Although there are many pieces of evidence for the potential association between hypothyroidism and proteinuria, the literature regarding proteinuria in hypothyroid patients remained restricted to just few case reports and studies. Connor A et al. described two cases of hypothyroidism-induced renal impairment as an initial finding. In these cases, thyroid hormone treatment provided nearly complete improvement in kidney function. The authors concluded that hypothyroidism could be an unheeded reason for renal impairment (26). In a recent case report of 2 patients with severe hypothyroidism (TSH > 100 U/L at diagnosis in both cases), the authors defined significant proteinuria greater than 1gr mg/day at presentation which gradually normalized over 4–6 months after starting replacement treatment (27). Chou et al demonstrated that serum creatinine decreased and GFR increased at 3 months after thyroxine replacement in hypothyroid patients (28). That GFR decreases in patients with hypothyroidism, which increases via levothyroxine treatment was revealed in some studies (29, 30). The decrease in GFR could be explained by a reduction in renal blood flow in hypothyroidism (31). Patients with reduced GFR have higher prevalence of subclinical or overt hypothyroidism (32, 33). A recent study found a decrease in proteinuria and creatine level with the levothyroxine treatment in hypothyroid patients with TSH greater than 50 µIU/mL. Proteinuria level decreased and creatinine levels increased via thyroid hormone treatment in our patients. Our results were very similar to results of the study in question however, there are some differences. We included milder degrees of hypothyroidism cases the lowest TSH level for our and abovementioned studies: 16 and 50 µIU/mL, respectively. Additionally, repeat biochemical measurements were performed at the time of euthyroidism in our study whereas they were not achieved in all subjects in the study in question. It is well-known that weight, blood pressure, cardiovascular markers ,and lipid parameters decrease via thyroid hormone treatment (34, 35). In our study, weight, waist circumference, systolic and diastolic blood pressures, lipid parameters, and CRP level decreased with treatment.

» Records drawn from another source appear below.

(* Let $d\geq1$ be an integer and $\mathbb G=V_1\times V_2$ a step-two Carnot group. Then $\mathcal A_h(\mathbb G)=\mathcal A(V_1\times V_2)$ if and only if $\mathcal A_h(\mathbb G\times\mathbb R^d)=\mathcal A((V_1\oplus\mathbb R^d)\times V_2)$.
   Context: A step-two Carnot group is $\mathbb G=V_1\times V_2$ ($V_1,V_2$ finite-dimensional real vector spaces, $V_2\ne\{0\}$) with a bilinear skew-symmetric $[\cdot,\cdot]:V_1\times V_1\to V_2$ whose image spans $V_2$, and group law $(x,z)\cdot(x',z')=(x+x',z+z'+[x,x'])$. $\mathcal A_h(\mathbb G)$ is the space of maps $f:\mathbb G\to\mathbb R$ such that for all $(x,z)\in\mathbb G$, $y\in V_1$, $t\mapsto f((x,z)\cdot(ty,0))$ is affine; $\mathcal A(W)$ is the space of maps affine in the usual sense on a vector space $W$. $\mathbb G\times\mathbb R^d$ is the step-two Carnot group $(V_1\oplus\mathbb R^d)\times V_2$ with bracket $[x+u,x'+u']:=[x,x']$ for $x,x'\in V_1$, $u,u'\in\mathbb R^d$. *)

From HB Require Import structures.
From mathcomp Require Import all_boot all_order all_algebra.
From mathcomp Require Import reals.
Set Implicit Arguments. Unset Strict Implicit. Unset Printing Implicit Defensive.
Import Order.TTheory GRing.Theory Num.Theory.
Local Open Scope ring_scope.

Section Carnot.
Variable R : realType.

Definition cmul (V1 V2 : lmodType R) (br : V1 -> V1 -> V2)
  (p q : V1 * V2) : V1 * V2 :=
  (p.1 + q.1, p.2 + q.2 + br p.1 q.1).

Definition step_two_carnot (n m : nat) (br : 'rV[R]_n -> 'rV[R]_n -> 'rV[R]_m) :=
  [/\ (0 < m)%N,
      (forall a x x' y, br (a *: x + x') y = a *: br x y + br x' y),
      (forall a x y y', br x (a *: y + y') = a *: br x y + br x y'),
      (forall x y, br x y = - br y x)
    & (forall z : 'rV[R]_m, exists (k : nat) (c : 'I_k -> R) (xs ys : 'I_k -> 'rV[R]_n),
          z = \sum_(i < k) c i *: br (xs i) (ys i))].

(* A_h(G): f is affine along every horizontal line t |-> p.(t y, 0). *)
Definition horiz_affine (V1 V2 : lmodType R) (br : V1 -> V1 -> V2)
  (f : V1 * V2 -> R) : Prop :=
  forall (p : V1 * V2) (y : V1), exists a b : R,
    forall t : R, f (cmul br p (t *: y, 0)) = a * t + b.

Definition affine (W : lmodType R) (f : W -> R) : Prop :=
  exists (L : W -> R) (c : R),
    (forall a u v, L (a *: u + v) = a * L u + L v) /\ (forall w, f w = L w + c).

(* Bracket of G x R^d on (V1 (+) R^d) x V2: [x+u, x'+u'] = [x,x']. *)
Definition br_ext (V1 V2 : lmodType R) (d : nat) (br : V1 -> V1 -> V2)
  (p q : V1 * 'rV[R]_d) : V2 := br p.1 q.1.

End Carnot.

From HB Require Import structures.
From mathcomp Require Import all_boot all_order all_algebra.
From mathcomp Require Import reals.
From mathcomp Require Import ring lra.
Set Implicit Arguments. Unset Strict Implicit. Unset Printing Implicit Defensive.
Import GRing.Theory Num.Theory.
Local Open Scope ring_scope.

(* Let F be affine along horizontal lines of G x R^d.  Each slice F(., u, .) is
   affine along horizontal lines of G, hence affine, and each fibre
   u |-> F(x, u, z) is affine on every line of R^d, hence affine.  So
   F(x, u, z) = F 0 + l(x, z) + h(u) + D((x, z), u) with l, h linear and the
   cross term D linear in each argument.  On the horizontal line
   t |-> ((x + t y, t v), t [x, y]) the cross term contributes
   t^2 D((y, [x, y]), v), which must vanish; as brackets span V2, D = 0 and F is
   affine.  Conversely, a function on G lifts to G x R^d by ignoring u. *)

Section LinearForms.
Variable R : realType.

Definition linear_form (W : lmodType R) (L : W -> R) : Prop :=
  forall a u v, L (a *: u + v) = a * L u + L v.

Definition affine_line (g : R -> R) : Prop :=
  exists a b : R, forall t, g t = a * t + b.

Variable W : lmodType R.
Implicit Types (L f : W -> R) (g : R -> R).

Lemma linear_form0 L : linear_form L -> L 0 = 0.
Proof. by move=> Llin; have := Llin 1 0 0; rewrite scaler0 addr0 mul1r; lra. Qed.

Lemma linear_formD L u v : linear_form L -> L (u + v) = L u + L v.
Proof. by move=> Llin; rewrite -[u]scale1r Llin mul1r scale1r. Qed.

Lemma linear_formZ L a u : linear_form L -> L (a *: u) = a * L u.
Proof. by move=> Llin; rewrite -[a *: u]addr0 Llin (linear_form0 Llin) addr0. Qed.

Lemma affineP f : affine f <-> linear_form (fun w => f w - f 0).
Proof.
split=> [[L [c [Llin fE]]] a u v | flin].
  by rewrite !fE Llin (linear_form0 Llin); ring.
by exists (fun w => f w - f 0), (f 0); split=> // w; rewrite subrK.
Qed.

Lemma affine_lineE g : affine_line g -> forall t, g t = g 0 + t * (g 1 - g 0).
Proof. by case=> a [b gE] t; rewrite !gE; ring. Qed.

Lemma affine_line_quadratic g a b c :
  affine_line g -> (forall t, g t = a + b * t + c * t ^+ 2) -> c = 0.
Proof.
move=> [a' [b' gE]] gE'.
have := gE 0; have := gE 1; have := gE (-1).
by rewrite !gE' !expr2; lra.
Qed.

Lemma affine_of_lines f :
  (forall p v, affine_line (fun t => f (p + t *: v))) -> affine f.
Proof.
move=> fl; apply/affineP; pose h w := f w - f 0.
have hZ t v : h (t *: v) = t * h v.
  by have := affine_lineE (fl 0 v) t; rewrite /h !add0r scale0r scale1r => ->; ring.
have hD u v : h (u + v) = h u + h v.
  (* On the line from 2u to 2v, f (u + v) is the midpoint value. *)
  have := affine_lineE (fl (2 *: u) (v - u)) 2.
  have -> : 2 *: u + 2 *: (v - u) = 2 *: v by rewrite -scalerDr addrC subrK.
  have -> : 2 *: u + 1 *: (v - u) = u + v.
    by rewrite scale1r scaler_nat mulr2n addrC addrA subrK addrC.
  by rewrite scale0r addr0; have := hZ 2 u; have := hZ 2 v; rewrite /h; lra.
by move=> a u v; have := hD (a *: u) v; rewrite hZ.
Qed.

Lemma linear_form_pairr (V : lmodType R) (L : V * W -> R) :
  linear_form L -> linear_form (fun z => L (0, z)).
Proof.
move=> Llin a z z'; have := Llin a (0, z) (0, z').
by rewrite -[a *: (0, z) + _]/(a *: 0 + 0, a *: z + z') scaler0 addr0.
Qed.

End LinearForms.

Section HorizontalLines.
Variables (R : realType) (V1 V2 : lmodType R) (br : V1 -> V1 -> V2).
Hypothesis br_linr : forall a x y y', br x (a *: y + y') = a *: br x y + br x y'.

Lemma br0r x : br x 0 = 0.
Proof. by have := br_linr 1 x 0 0; rewrite scaler0 addr0 scale1r -{1}[br x 0]addr0 => /addrI. Qed.

Lemma brZr a x y : br x (a *: y) = a *: br x y.
Proof. by rewrite -[a *: y]addr0 br_linr br0r addr0. Qed.

Lemma cmul_line x z y t :
  cmul br (x, z) (t *: y, 0) = (x + t *: y, z + t *: br x y).
Proof. by rewrite /cmul /= addr0 brZr. Qed.

Lemma affine_horiz_affine f : affine f -> horiz_affine br f.
Proof.
move=> [L [c [Llin fE]]] [x z] y; exists (L (y, br x y)), (L (x, z) + c) => t.
rewrite cmul_line fE [_ * t]mulrC addrA -Llin.
by rewrite [x + _]addrC [z + _]addrC.
Qed.

End HorizontalLines.

Section ProductBracket.
Variables (R : realType) (V1 V2 : lmodType R) (d : nat) (br : V1 -> V1 -> V2).
Hypothesis br_linr : forall a x y y', br x (a *: y + y') = a *: br x y + br x y'.

Lemma br_ext_linr a (p q q' : V1 * 'rV[R]_d) :
  br_ext br p (a *: q + q') = a *: br_ext br p q + br_ext br p q'.
Proof. exact: br_linr. Qed.

Lemma cmul_ext_line x (u : 'rV[R]_d) z y v t :
  cmul (br_ext br) ((x, u), z) (t *: (y, v), 0) =
  ((x + t *: y, u + t *: v), z + t *: br x y).
Proof. by rewrite (cmul_line br_ext_linr). Qed.

Lemma horiz_affine_proj (f : V1 * V2 -> R) :
  horiz_affine br f ->
  horiz_affine (br_ext br) (fun w : (V1 * 'rV[R]_d) * V2 => f (w.1.1, w.2)).
Proof. by move=> hf p y; exact: hf (p.1.1, p.2) y.1. Qed.

Lemma horiz_affine_affine_of_ext :
  (forall F : (V1 * 'rV[R]_d) * V2 -> R, horiz_affine (br_ext br) F -> affine F) ->
  forall f : V1 * V2 -> R, horiz_affine br f -> affine f.
Proof.
move=> affine_ext f /horiz_affine_proj /affine_ext /affineP Flin.
by apply/affineP => a [x z] [x' z']; exact: (Flin a ((x, 0), z) ((x', 0), z')).
Qed.

End ProductBracket.

Section ExtensionAffine.
Variables (R : realType) (V1 V2 : lmodType R) (d : nat) (br : V1 -> V1 -> V2).
Hypothesis br_linl : forall a x x' y, br (a *: x + x') y = a *: br x y + br x' y.
Hypothesis br_linr : forall a x y y', br x (a *: y + y') = a *: br x y + br x y'.
Hypothesis br_span : forall z : V2, exists (k : nat) (c : 'I_k -> R) (xs ys : 'I_k -> V1),
  z = \sum_(i < k) c i *: br (xs i) (ys i).
Hypothesis affine_G : forall f : V1 * V2 -> R, horiz_affine br f -> affine f.
Variable F : (V1 * 'rV[R]_d) * V2 -> R.
Hypothesis F_horiz : horiz_affine (br_ext br) F.

Lemma br0l y : br 0 y = 0.
Proof. by have := br_linl 1 0 0 y; rewrite scaler0 addr0 scale1r -{1}[br 0 y]addr0 => /addrI. Qed.

Lemma linear_form_span_eq0 (L : V2 -> R) :
  linear_form L -> (forall x y, L (br x y) = 0) -> forall z, L z = 0.
Proof.
move=> Llin Lbr z; have [k [c [xs [ys ->]]]] := br_span z.
elim/big_ind: _ => [|z1 z2 L1 L2|i _]; first exact: linear_form0.
  by rewrite linear_formD // L1 L2 addr0.
by rewrite linear_formZ // Lbr mulr0.
Qed.

Lemma slice_affine u : affine (fun w : V1 * V2 => F ((w.1, u), w.2)).
Proof.
apply: affine_G => -[x z] y; have [a [b Fl]] := F_horiz ((x, u), z) (y, 0).
by exists a, b => t; rewrite -Fl cmul_ext_line // cmul_line // scaler0 addr0.
Qed.

Lemma fiber_affine x z : affine (fun u => F ((x, u), z)).
Proof.
apply: affine_of_lines => p v; have [a [b Fl]] := F_horiz ((x, p), z) (0, v).
by exists a, b => t; rewrite -Fl cmul_ext_line // scaler0 br0r // scaler0 !addr0.
Qed.

Definition base_lin (w : V1 * V2) := F ((w.1, 0), w.2) - F 0.
Definition fiber_lin (u : 'rV[R]_d) := F ((0, u), 0) - F 0.
Definition cross_term (w : V1 * V2) (u : 'rV[R]_d) :=
  F ((w.1, u), w.2) - F 0 - base_lin w - fiber_lin u.

Lemma base_lin_linear : linear_form base_lin.
Proof. exact: (affineP _).1 (slice_affine 0). Qed.

Lemma fiber_lin_linear : linear_form fiber_lin.
Proof. exact: (affineP _).1 (fiber_affine 0 0). Qed.

Lemma cross_term_linearl u : linear_form (cross_term^~ u).
Proof.
move=> a w w'; have := (affineP _).1 (slice_affine u) a w w'.
by rewrite /cross_term base_lin_linear /fiber_lin /base_lin /=; lra.
Qed.

Lemma cross_term_linearr w : linear_form (cross_term w).
Proof.
move=> a u u'; have := (affineP _).1 (fiber_affine w.1 w.2) a u u'.
by rewrite /cross_term fiber_lin_linear /base_lin /=; lra.
Qed.

Lemma F_decomp x u z :
  F ((x, u), z) = F 0 + base_lin (x, z) + fiber_lin u + cross_term (x, z) u.
Proof. by rewrite /cross_term; ring. Qed.

Lemma cross_term_bracket x y v : cross_term (y, br x y) v = 0.
Proof.
have Fline t : F ((x + t *: y, t *: v), t *: br x y) = (F 0 + base_lin (x, 0)) +
    (base_lin (y, br x y) + fiber_lin v + cross_term (x, 0) v) * t +
    cross_term (y, br x y) v * t ^+ 2.
  have -> : x + t *: y = (t *: (y, br x y) + (x, 0)).1 by rewrite addrC.
  have -> : t *: br x y = (t *: (y, br x y) + (x, 0)).2 by rewrite /= addr0.
  rewrite F_decomp -surjective_pairing base_lin_linear.
  rewrite (linear_formZ _ _ fiber_lin_linear) (linear_formZ _ _ (cross_term_linearr _)).
  by rewrite cross_term_linearl; ring.
apply: (affine_line_quadratic (F_horiz ((x, 0), 0) (y, v))) => t.
by rewrite cmul_ext_line // !add0r Fline.
Qed.

Lemma cross_term_eq0 w u : cross_term w u = 0.
Proof.
have Llin := cross_term_linearl u.
have cross_y0 y : cross_term (y, 0) u = 0 by rewrite -(br0l y) cross_term_bracket.
have cross_0br x y : cross_term (0, br x y) u = 0.
  have := linear_formD (y, 0) (0, br x y) Llin.
  by rewrite -[(y, 0) + _]/(y + 0, 0 + br x y) addr0 add0r cross_term_bracket cross_y0 add0r.
have cross_0z z : cross_term (0, z) u = 0.
  by apply: linear_form_span_eq0 (linear_form_pairr Llin) _ z => x y; exact: cross_0br.
case: w => x z; have := linear_formD (x, 0) (0, z) Llin.
by rewrite -[(x, 0) + _]/(x + 0, 0 + z) addr0 add0r cross_y0 cross_0z addr0.
Qed.

Lemma F_split x u z : F ((x, u), z) = F 0 + base_lin (x, z) + fiber_lin u.
Proof. by rewrite F_decomp cross_term_eq0 addr0. Qed.

Lemma horiz_affine_ext_affine : affine F.
Proof.
apply/affineP => a [[x u] z] [[x' u'] z'].
rewrite -[a *: _ + _]/((a *: x + x', a *: u + u'), a *: z + z').
rewrite (F_split (a *: x + x')) (F_split x) (F_split x').
by rewrite (base_lin_linear a (x, z) (x', z')) fiber_lin_linear; ring.
Qed.

End ExtensionAffine.

Theorem proposition6p3 (R : realType) (n m d : nat)
  (br : 'rV[R]_n -> 'rV[R]_n -> 'rV[R]_m) :
  (1 <= d)%N ->
  step_two_carnot br ->
  ((forall f : 'rV[R]_n * 'rV[R]_m -> R, horiz_affine br f <-> affine f) <->
   (forall f : ('rV[R]_n * 'rV[R]_d) * 'rV[R]_m -> R,
       horiz_affine (@br_ext R _ _ d br) f <-> affine f)).
Proof.
move=> _ [_ br_linl br_linr _ br_span].
split=> affine_eq f; split.
- by apply: horiz_affine_ext_affine => // g /affine_eq.
- exact/affine_horiz_affine/br_ext_linr.
- exact: (horiz_affine_affine_of_ext (fun F => (affine_eq F).1)).
- exact: affine_horiz_affine.
Qed.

Being a single-center study, the absence of a great sample size and a control group are the limitations of our study.
In conclusion, thyroid hormones affect development, structure, and hemodynamics of kidney, GFR, the function of several transport systems throughout the nephron, and sodium and water homeostasis. Fortunately, most of the renal manifestations of hypothyroidism are reversible with treatment. Hypothyroidism may lead to a decrease in GFR, hence evaluating thyroid hormone levels should take into consideration for patients with unexplained elevations in serum creatinine. Additionally, urinary protein amount and plasma creatinine decreased via thyroid hormone replacement in patients with hypothyroidism. According to our findings, hypothyroidism might be a new risk factor for kidney dysfunction, which is reversible and often unmined. Investigation of underlying mechanisms and longer follow-up of hypothyroid patients may provide a more logical interpretation of these observations.